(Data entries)

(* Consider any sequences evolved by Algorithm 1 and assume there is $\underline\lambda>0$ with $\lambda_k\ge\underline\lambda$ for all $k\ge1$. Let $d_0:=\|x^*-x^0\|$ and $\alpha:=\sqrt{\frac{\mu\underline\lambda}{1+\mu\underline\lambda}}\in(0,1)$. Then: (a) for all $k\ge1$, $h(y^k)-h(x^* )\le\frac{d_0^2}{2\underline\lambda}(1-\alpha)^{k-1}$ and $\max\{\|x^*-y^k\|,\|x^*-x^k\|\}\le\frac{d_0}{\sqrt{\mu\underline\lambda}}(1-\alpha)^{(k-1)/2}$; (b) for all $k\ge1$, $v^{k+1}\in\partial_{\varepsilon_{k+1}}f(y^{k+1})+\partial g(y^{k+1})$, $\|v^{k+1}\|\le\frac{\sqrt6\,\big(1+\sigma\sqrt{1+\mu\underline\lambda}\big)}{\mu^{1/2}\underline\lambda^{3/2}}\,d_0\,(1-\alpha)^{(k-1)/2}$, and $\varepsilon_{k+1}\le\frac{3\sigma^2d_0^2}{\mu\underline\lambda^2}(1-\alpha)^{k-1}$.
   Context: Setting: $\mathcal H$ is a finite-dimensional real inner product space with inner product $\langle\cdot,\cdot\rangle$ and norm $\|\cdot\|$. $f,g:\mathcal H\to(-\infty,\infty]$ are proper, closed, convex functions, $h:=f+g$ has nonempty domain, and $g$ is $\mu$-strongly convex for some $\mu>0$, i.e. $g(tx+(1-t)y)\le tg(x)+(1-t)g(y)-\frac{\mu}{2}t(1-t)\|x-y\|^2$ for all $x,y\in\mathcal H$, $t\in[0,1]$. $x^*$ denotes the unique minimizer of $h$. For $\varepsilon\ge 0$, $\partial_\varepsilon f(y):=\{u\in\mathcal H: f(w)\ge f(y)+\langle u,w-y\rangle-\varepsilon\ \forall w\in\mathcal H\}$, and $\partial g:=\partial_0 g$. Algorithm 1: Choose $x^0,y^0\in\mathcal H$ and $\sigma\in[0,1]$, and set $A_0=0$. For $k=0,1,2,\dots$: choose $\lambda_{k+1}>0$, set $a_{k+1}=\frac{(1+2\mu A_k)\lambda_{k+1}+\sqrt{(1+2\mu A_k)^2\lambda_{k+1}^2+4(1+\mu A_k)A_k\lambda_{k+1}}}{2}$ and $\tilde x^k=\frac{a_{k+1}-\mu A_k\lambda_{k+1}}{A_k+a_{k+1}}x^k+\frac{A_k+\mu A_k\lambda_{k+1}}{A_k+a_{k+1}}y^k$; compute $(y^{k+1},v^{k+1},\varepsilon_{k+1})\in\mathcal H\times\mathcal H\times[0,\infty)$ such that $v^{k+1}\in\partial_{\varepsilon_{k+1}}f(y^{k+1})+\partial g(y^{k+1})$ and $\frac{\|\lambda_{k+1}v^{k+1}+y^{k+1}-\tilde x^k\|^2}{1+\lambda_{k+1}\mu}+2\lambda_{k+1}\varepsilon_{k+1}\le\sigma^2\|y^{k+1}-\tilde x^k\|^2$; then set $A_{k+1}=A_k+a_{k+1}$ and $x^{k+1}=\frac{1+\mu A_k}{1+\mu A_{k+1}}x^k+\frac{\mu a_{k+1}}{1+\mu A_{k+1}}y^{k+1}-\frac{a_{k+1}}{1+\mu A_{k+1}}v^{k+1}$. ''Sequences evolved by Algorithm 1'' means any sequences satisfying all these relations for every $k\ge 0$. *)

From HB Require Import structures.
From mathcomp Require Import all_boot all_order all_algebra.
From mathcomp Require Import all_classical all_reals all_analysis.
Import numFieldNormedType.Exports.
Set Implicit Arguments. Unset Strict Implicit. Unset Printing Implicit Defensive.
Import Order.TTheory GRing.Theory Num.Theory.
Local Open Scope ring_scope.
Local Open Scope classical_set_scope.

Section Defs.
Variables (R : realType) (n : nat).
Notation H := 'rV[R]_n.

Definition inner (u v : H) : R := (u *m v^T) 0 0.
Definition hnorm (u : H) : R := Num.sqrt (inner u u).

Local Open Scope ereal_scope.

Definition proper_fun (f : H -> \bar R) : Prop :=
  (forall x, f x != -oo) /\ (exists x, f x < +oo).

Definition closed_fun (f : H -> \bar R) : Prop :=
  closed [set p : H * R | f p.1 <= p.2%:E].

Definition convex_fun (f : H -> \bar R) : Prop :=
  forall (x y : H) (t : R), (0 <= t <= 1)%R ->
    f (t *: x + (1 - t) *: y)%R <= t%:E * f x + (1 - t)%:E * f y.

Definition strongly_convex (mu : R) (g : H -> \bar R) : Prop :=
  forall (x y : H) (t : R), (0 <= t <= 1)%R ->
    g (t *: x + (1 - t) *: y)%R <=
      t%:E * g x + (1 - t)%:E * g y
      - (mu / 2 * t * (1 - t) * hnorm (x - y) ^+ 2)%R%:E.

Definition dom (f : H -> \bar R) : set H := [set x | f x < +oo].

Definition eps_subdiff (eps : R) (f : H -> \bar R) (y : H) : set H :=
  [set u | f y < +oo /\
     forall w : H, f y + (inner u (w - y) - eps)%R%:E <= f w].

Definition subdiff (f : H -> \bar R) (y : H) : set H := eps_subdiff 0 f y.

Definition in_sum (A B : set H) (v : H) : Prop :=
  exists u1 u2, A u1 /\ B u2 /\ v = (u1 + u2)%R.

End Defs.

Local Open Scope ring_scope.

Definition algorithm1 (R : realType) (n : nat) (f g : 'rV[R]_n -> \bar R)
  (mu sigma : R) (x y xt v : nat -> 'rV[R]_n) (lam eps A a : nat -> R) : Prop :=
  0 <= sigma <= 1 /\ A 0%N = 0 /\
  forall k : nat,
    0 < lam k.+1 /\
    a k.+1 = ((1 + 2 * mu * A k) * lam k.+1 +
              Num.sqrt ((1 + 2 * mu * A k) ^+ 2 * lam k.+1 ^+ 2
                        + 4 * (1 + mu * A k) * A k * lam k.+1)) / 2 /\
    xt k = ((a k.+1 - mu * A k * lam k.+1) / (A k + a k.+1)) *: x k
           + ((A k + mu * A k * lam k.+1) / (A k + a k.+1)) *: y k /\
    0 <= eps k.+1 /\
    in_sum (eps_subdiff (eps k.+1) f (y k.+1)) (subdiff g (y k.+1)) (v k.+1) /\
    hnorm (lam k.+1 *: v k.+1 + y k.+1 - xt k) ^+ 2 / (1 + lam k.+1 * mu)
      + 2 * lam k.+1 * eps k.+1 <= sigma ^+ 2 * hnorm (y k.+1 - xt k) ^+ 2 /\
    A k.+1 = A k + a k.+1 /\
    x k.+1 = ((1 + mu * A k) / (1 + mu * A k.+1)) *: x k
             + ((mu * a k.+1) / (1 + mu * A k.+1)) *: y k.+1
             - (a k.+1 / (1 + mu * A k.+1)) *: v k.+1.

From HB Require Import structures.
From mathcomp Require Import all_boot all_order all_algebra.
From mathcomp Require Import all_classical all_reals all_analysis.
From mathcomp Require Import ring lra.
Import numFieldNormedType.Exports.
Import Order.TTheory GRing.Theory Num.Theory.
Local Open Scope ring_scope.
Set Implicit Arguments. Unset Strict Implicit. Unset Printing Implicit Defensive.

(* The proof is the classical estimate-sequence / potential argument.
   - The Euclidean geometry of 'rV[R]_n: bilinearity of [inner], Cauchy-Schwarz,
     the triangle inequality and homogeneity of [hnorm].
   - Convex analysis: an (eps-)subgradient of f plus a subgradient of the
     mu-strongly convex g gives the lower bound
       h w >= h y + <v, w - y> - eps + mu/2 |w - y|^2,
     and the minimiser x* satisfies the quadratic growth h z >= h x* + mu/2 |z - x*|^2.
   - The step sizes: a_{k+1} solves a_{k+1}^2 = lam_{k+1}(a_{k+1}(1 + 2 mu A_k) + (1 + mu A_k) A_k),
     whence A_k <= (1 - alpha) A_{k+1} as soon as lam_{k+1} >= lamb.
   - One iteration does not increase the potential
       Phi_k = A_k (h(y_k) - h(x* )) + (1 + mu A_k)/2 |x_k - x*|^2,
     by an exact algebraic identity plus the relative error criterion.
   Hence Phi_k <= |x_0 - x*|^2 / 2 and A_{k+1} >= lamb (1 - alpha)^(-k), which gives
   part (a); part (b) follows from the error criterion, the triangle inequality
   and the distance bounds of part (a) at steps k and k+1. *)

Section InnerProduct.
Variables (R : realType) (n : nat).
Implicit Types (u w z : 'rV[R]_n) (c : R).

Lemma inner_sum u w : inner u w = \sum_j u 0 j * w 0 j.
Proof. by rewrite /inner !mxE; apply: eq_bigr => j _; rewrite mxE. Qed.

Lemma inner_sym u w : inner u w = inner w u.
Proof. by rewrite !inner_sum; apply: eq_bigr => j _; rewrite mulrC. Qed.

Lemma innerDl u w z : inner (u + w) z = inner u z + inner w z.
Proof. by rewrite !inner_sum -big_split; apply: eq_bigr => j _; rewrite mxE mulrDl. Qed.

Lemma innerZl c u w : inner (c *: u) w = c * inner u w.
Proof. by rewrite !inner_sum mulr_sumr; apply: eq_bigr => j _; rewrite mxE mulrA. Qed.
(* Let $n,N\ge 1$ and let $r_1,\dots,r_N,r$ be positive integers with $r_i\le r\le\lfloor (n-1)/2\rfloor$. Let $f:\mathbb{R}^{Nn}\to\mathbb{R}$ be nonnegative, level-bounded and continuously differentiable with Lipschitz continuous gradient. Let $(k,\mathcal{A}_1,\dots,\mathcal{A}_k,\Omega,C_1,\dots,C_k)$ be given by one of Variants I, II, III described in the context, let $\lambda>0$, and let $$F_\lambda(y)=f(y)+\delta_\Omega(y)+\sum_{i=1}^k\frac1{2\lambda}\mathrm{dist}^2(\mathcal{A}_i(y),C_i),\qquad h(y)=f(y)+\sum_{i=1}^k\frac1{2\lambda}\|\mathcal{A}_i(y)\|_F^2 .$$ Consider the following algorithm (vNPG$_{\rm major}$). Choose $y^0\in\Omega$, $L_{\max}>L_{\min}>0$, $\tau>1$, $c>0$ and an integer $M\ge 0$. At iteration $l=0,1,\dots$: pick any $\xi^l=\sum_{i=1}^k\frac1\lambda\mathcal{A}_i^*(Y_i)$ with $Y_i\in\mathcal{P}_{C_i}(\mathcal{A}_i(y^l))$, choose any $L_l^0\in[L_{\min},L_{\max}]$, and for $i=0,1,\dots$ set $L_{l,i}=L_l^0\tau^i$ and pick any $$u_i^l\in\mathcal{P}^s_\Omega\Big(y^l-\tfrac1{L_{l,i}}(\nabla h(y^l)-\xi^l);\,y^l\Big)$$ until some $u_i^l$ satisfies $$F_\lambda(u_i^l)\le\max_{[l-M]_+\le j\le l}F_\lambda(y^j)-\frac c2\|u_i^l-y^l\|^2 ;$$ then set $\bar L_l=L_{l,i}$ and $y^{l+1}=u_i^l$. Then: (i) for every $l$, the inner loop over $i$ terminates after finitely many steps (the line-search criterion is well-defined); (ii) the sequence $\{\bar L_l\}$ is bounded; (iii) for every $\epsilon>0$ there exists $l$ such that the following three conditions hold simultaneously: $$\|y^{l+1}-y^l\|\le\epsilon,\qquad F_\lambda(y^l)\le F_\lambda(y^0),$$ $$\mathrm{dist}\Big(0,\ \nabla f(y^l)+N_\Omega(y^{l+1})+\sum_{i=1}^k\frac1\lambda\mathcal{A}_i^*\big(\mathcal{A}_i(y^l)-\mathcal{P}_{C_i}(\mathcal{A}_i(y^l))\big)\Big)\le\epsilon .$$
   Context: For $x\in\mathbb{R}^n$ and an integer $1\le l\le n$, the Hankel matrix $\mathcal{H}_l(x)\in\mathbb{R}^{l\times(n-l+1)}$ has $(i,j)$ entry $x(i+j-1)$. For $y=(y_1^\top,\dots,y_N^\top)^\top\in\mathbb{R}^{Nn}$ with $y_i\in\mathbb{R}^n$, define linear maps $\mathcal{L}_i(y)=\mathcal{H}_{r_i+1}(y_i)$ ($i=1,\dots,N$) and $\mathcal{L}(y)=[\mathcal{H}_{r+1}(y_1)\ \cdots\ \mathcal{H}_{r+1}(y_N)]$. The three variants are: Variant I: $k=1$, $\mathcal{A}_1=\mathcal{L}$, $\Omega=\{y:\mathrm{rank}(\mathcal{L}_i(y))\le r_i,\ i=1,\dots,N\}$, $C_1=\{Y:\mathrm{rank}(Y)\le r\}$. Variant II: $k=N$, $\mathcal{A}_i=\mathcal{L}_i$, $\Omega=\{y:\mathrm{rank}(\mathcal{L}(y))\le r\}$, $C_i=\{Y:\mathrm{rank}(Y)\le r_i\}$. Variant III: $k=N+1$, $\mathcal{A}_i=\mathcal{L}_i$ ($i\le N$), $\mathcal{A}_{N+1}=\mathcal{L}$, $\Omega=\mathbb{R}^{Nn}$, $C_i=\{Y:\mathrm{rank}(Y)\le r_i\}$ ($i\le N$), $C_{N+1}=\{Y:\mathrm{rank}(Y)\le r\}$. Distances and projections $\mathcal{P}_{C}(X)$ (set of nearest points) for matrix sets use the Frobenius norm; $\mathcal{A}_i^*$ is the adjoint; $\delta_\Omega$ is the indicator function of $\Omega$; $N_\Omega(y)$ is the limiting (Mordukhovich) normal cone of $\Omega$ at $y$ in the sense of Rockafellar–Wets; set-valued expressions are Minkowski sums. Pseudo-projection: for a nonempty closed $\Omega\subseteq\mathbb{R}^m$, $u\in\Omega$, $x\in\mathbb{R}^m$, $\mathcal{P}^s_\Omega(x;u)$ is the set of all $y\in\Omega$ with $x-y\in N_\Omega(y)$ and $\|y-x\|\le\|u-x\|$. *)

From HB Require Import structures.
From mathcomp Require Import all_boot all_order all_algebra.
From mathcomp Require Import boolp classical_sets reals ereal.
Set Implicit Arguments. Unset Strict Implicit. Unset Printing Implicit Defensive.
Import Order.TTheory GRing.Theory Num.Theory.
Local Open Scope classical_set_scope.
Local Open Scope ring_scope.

- PROBLEM DETAILS -
Scan the records above for the lines holding "whence A_k <= (1" and "Proof. by rewrite !inner_sum mulr_sumr;". Transcribe those two and every line between them word for word, and no others.

- SOLUTION TO THIS PROBLEM -
     whence A_k <= (1 - alpha) A_{k+1} as soon as lam_{k+1} >= lamb.
   - One iteration does not increase the potential
       Phi_k = A_k (h(y_k) - h(x* )) + (1 + mu A_k)/2 |x_k - x*|^2,
     by an exact algebraic identity plus the relative error criterion.
   Hence Phi_k <= |x_0 - x*|^2 / 2 and A_{k+1} >= lamb (1 - alpha)^(-k), which gives
   part (a); part (b) follows from the error criterion, the triangle inequality
   and the distance bounds of part (a) at steps k and k+1. *)

Section InnerProduct.
Variables (R : realType) (n : nat).
Implicit Types (u w z : 'rV[R]_n) (c : R).

Lemma inner_sum u w : inner u w = \sum_j u 0 j * w 0 j.
Proof. by rewrite /inner !mxE; apply: eq_bigr => j _; rewrite mxE. Qed.

Lemma inner_sym u w : inner u w = inner w u.
Proof. by rewrite !inner_sum; apply: eq_bigr => j _; rewrite mulrC. Qed.

Lemma innerDl u w z : inner (u + w) z = inner u z + inner w z.
Proof. by rewrite !inner_sum -big_split; apply: eq_bigr => j _; rewrite mxE mulrDl. Qed.

Lemma innerZl c u w : inner (c *: u) w = c * inner u w.
Proof. by rewrite !inner_sum mulr_sumr; apply: eq_bigr => j _; rewrite mxE mulrA. Qed.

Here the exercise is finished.